This change adds these transformations at the IR level, so that they don't need to complicate the emit logic.
More detailed changes:
- Make `render0` test use IR. It passes out of the box.
- Fix test runner to not always dump diffs on failures
I accidentally initialized an option to `true` instead of `false` when working on debugging the Travis CI failures.
- Special-case output for component-wise multiplication to handle GLSL `matrixCompMul()`
- Handle GLSL vs.

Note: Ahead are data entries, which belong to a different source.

(* The set $\mathcal{I}_{\mathrm{str}}(\Lambda \cap T_1)$ has the cardinality of the continuum.
   Context: Let $\mathbf{2}=\{0,1\}$. A partial function of arity $n$ on $\mathbf{2}$ is a map $f:\operatorname{dom} f\to\mathbf{2}$ with $\operatorname{dom} f\subseteq \mathbf{2}^n$; it is total if $\operatorname{dom} f=\mathbf{2}^n$. $P_{\mathbf{2}}$ is the set of all partial functions, $O_{\mathbf{2}}$ the set of total ones. Composition $F=f(g_1,\dots,g_n)$ is given by $F(\mathbf{x})=f(g_1(\mathbf{x}),\dots,g_n(\mathbf{x}))$ on $\operatorname{dom} F=\{\mathbf{x}\in\bigcap_i\operatorname{dom} g_i : (g_1(\mathbf{x}),\dots,g_n(\mathbf{x}))\in\operatorname{dom} f\}$. A partial clone is a composition-closed subset of $P_{\mathbf{2}}$ containing all projections; a total clone is one contained in $O_{\mathbf{2}}$. A partial clone $X$ is strong if it contains every restriction of each of its members. For a total clone $C$, $\mathcal{I}_{\mathrm{str}}(C)$ is the set of all strong partial clones $X$ with $X\cap O_{\mathbf{2}}=C$. $\Lambda$ is the total clone generated by $\land$ and the constants $c_0,c_1$; $T_1$ is the clone of total Boolean functions $f$ with $f(1,\dots,1)=1$. *)

From mathcomp Require Import all_boot.
Set Implicit Arguments. Unset Strict Implicit. Unset Printing Implicit Defensive.

Definition btuple (n : nat) := {ffun 'I_n -> bool}.

(* A partial function on 2 = {0,1} of arity (pred_ar f).+1 :
   f x = None means x is not in dom f. *)
Record pfun := PFun {
  pred_ar : nat;
  pfn : {ffun btuple pred_ar.+1 -> option bool} }.

Definition arity (f : pfun) : nat := (pred_ar f).+1.

Definition total (f : pfun) : Prop := forall x, pfn f x <> None.

Definition comp (f : pfun) (m : nat)
  (gs : 'I_(arity f) -> {ffun btuple m.+1 -> option bool}) :
  {ffun btuple m.+1 -> option bool} :=
  [ffun x => if [forall i, gs i x != None]
             then pfn f [ffun i => odflt false (gs i x)]
             else None].

Definition proj (n : nat) (i : 'I_n.+1) : pfun :=
  PFun [ffun x : btuple n.+1 => Some (x i)].

Definition partial_clone (X : pfun -> Prop) : Prop :=
  (forall (n : nat) (i : 'I_n.+1), X (proj i)) /\
  (forall (f : pfun) (m : nat) (gs : 'I_(arity f) -> {ffun btuple m.+1 -> option bool}),
      X f -> (forall i, X (PFun (gs i))) -> X (PFun (comp gs))).

Definition restriction_of (n : nat) (g f : {ffun btuple n.+1 -> option bool}) : Prop :=
  forall x, g x = None \/ g x = f x.

Definition strong_partial_clone (X : pfun -> Prop) : Prop :=
  partial_clone X /\
  (forall (n : nat) (f g : {ffun btuple n.+1 -> option bool}),
      X (PFun f) -> restriction_of g f -> X (PFun g)).

Definition generated (S : pfun -> Prop) (f : pfun) : Prop :=
  forall Y, partial_clone Y -> (forall g, S g -> Y g) -> Y f.

Definition f_and : pfun :=
  PFun [ffun x : btuple 2 => Some (x ord0 && x (lift ord0 ord0))].
Definition f_const (b : bool) : pfun := PFun [ffun _ : btuple 1 => Some b].

Definition Lambda_gens (g : pfun) : Prop :=
  g = f_and \/ g = f_const false \/ g = f_const true.

Definition Lambda (f : pfun) : Prop := generated Lambda_gens f.

Definition T1 (f : pfun) : Prop :=
  total f /\ pfn f [ffun _ => true] = Some true.

(* I_str(C): strong partial clones X with X ∩ O_2 = C *)
Definition Istr (C : pfun -> Prop) (X : pfun -> Prop) : Prop :=
  strong_partial_clone X /\ (forall f, (X f /\ total f) <-> C f).

(* Λ ∩ T1 consists of the conjunctions x_i1 ∧ ... ∧ x_ik (k >= 0); its total
   functions are exactly the total functions preserving x <= y, x ∧ y -> z
   and {1}.  For n >= 3 let rho_n be the (n+3)-ary relation on "points"
   0..n-1 and three further coordinates u, t, w stating: a point implies u,
   two points imply t, all points imply w, and w implies t.  Every relation
   involved contains the all-ones tuple and is closed under ∧, so for each
   S ⊆ ℕ the partial functions preserving the three base relations and the
   rho_(k+3), k ∈ S, form a member X_S of I_str(Λ ∩ T1).
   The rho_n are rigid: a map of coordinates pulling rho_n back into rho_m,
   keeping the points off w and fixing w, is a bijection between the points,
   so m = n.  Hence the partial function defined on the rows of the matrix
   whose columns enumerate rho_n, sending row i to [i != w], preserves every
   rho_m with m <> n but not rho_n, and S ↦ X_S is injective.  Coding partial
   functions by naturals injects I_str(Λ ∩ T1) into 2^ℕ, and Cantor–Bernstein
   gives the bijection. *)

From Pilot Require Import Defs.
From mathcomp Require Import all_boot zify.
From mathcomp Require Import boolp classical_sets functions cardinality.

Set Implicit Arguments.
Unset Strict Implicit.
Unset Printing Implicit Defensive.

Definition pres (f : pfun) (m : nat) (R : pred (btuple m)) : Prop :=
  forall F : 'I_m -> btuple (arity f),
    (forall c, R [ffun r => F r c]) ->
    (forall r, pfn f (F r) <> None) ->
    R [ffun r => odflt false (pfn f (F r))].

Lemma pres_proj m (R : pred (btuple m)) n (i : 'I_n.+1) : pres (proj i) R.
Proof.
move=> F RF _; have := RF i.
by congr R; apply/ffunP=> r; rewrite !ffunE.
Qed.

Lemma pres_comp m (R : pred (btuple m)) (f : pfun) k
    (gs : 'I_(arity f) -> {ffun btuple k.+1 -> option bool}) :
  pres f R -> (forall i, pres (PFun (gs i)) R) -> pres (PFun (Defs.comp gs)) R.
Proof.
move=> Rf Rgs F RF domF.
have gs_def r : [forall i, gs i (F r) != None].
  by move: (domF r); rewrite /= ffunE; case: ifP.
pose G r : btuple (arity f) := [ffun i => odflt false (gs i (F r))].
have RG c : R [ffun r => G r c].
  have domgs r : pfn (PFun (gs c)) (F r) <> None.
    by move/forallP: (gs_def r) => /(_ c) /eqP.
  have := Rgs c F RF domgs.
  by congr R; apply/ffunP=> r; rewrite !ffunE.
have domG r : pfn f (G r) <> None by move: (domF r); rewrite /= ffunE gs_def.
have := Rf G RG domG.
by congr R; apply/ffunP=> r; rewrite !ffunE /= gs_def.
Qed.

Lemma pres_restr m (R : pred (btuple m)) n (f g : {ffun btuple n.+1 -> option bool}) :
  pres (PFun f) R -> restriction_of g f -> pres (PFun g) R.
Proof.
move=> Rf gf F RF domg.
have gfF r : g (F r) = f (F r) by case: (gf (F r)) => // /(domg r).
have domf r : pfn (PFun f) (F r) <> None by rewrite /= -gfF; exact: domg.
have := Rf F RF domf.
by congr R; apply/ffunP=> r; rewrite !ffunE /= gfF.
Qed.

Definition brel := {m : nat & pred (btuple m)}.

Definition pPol (Q : brel -> Prop) (f : pfun) : Prop :=
  forall R : brel, Q R -> pres f (projT2 R).

Lemma pPol_strong (Q : brel -> Prop) : strong_partial_clone (pPol Q).
Proof.
split; first split.
- by move=> n i R _; exact: pres_proj.
- by move=> f m gs Qf Qgs R QR; apply: pres_comp (Qf R QR) _ => i; exact: Qgs.
- by move=> n f g Qf gf R QR; exact: pres_restr (Qf R QR) gf.
Qed.

Definition conj_fun n (b : bool) (s : seq 'I_n.+1) : {ffun btuple n.+1 -> option bool} :=
  [ffun x : btuple n.+1 => Some (b && \big[andb/true]_(i <- s) x i)].

Definition is_conj (f : pfun) : Prop := exists b s, pfn f = conj_fun b s.

Lemma is_conj_clone : partial_clone is_conj.
Proof.
split.
- move=> n i; exists true, [:: i]; apply/ffunP => x.
  by rewrite !ffunE big_seq1.
- move=> f m gs [b [s fE]] conj_gs.
  have /fin_all_exists[u gsE] : forall i, exists u : bool * seq 'I_m.+1,
      gs i = conj_fun u.1 u.2.
    by move=> i; case: (conj_gs i) => b' [s' e]; exists (b', s').
  exists (b && \big[andb/true]_(i <- s) (u i).1), (flatten [seq (u i).2 | i <- s]).
  apply/ffunP => x; rewrite /= !ffunE.
  have -> : [forall i, gs i x != None] by apply/forallP => i; rewrite gsE ffunE.
  rewrite fE ffunE -andbA big_flatten big_map -big_split /=; congr (Some (b && _)).
  by apply: eq_bigr => i _; rewrite ffunE gsE ffunE.
Qed.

HLSL output for calls to `mul()`
- Output proper `layout(std140)` on GLSL constant buffer declarations
- Require appropriate GLSL extension when emitting explicit `layout(offset = ...)` on constant buffer members
- TODO: Need to avoid requiring this extension in cases where the offsets are what would be computed anyway.
Realistically, should probably be emitting code with explicit padding, etc. to guarantee layouts.
- Add an IR-based pass to translate entry point functions by eliminating their input/output parameters and replacing them with global variables.
- Demangle names when calling target intrinsics
The lowering to the IR will turn a call like `sin(foo)` into a call to a function declaration with a mangled name like `_S3sin...`. This works fine when the user is calling their own functions, since the name mangling will apply to both the definition and use sites, but for builtin functions it obviously isn't what we want.
This change makes it so that we demangle the name of an instrinsic function just enough so that we can extract the original simple name, and make a call using that.
These changes do nor provide 100% of what we need when translating to GLSL, so the `cross-compile-entry-point` test *still* hasn't been flipped over to use the IR (even though that is the test case I've been using to develop these changes).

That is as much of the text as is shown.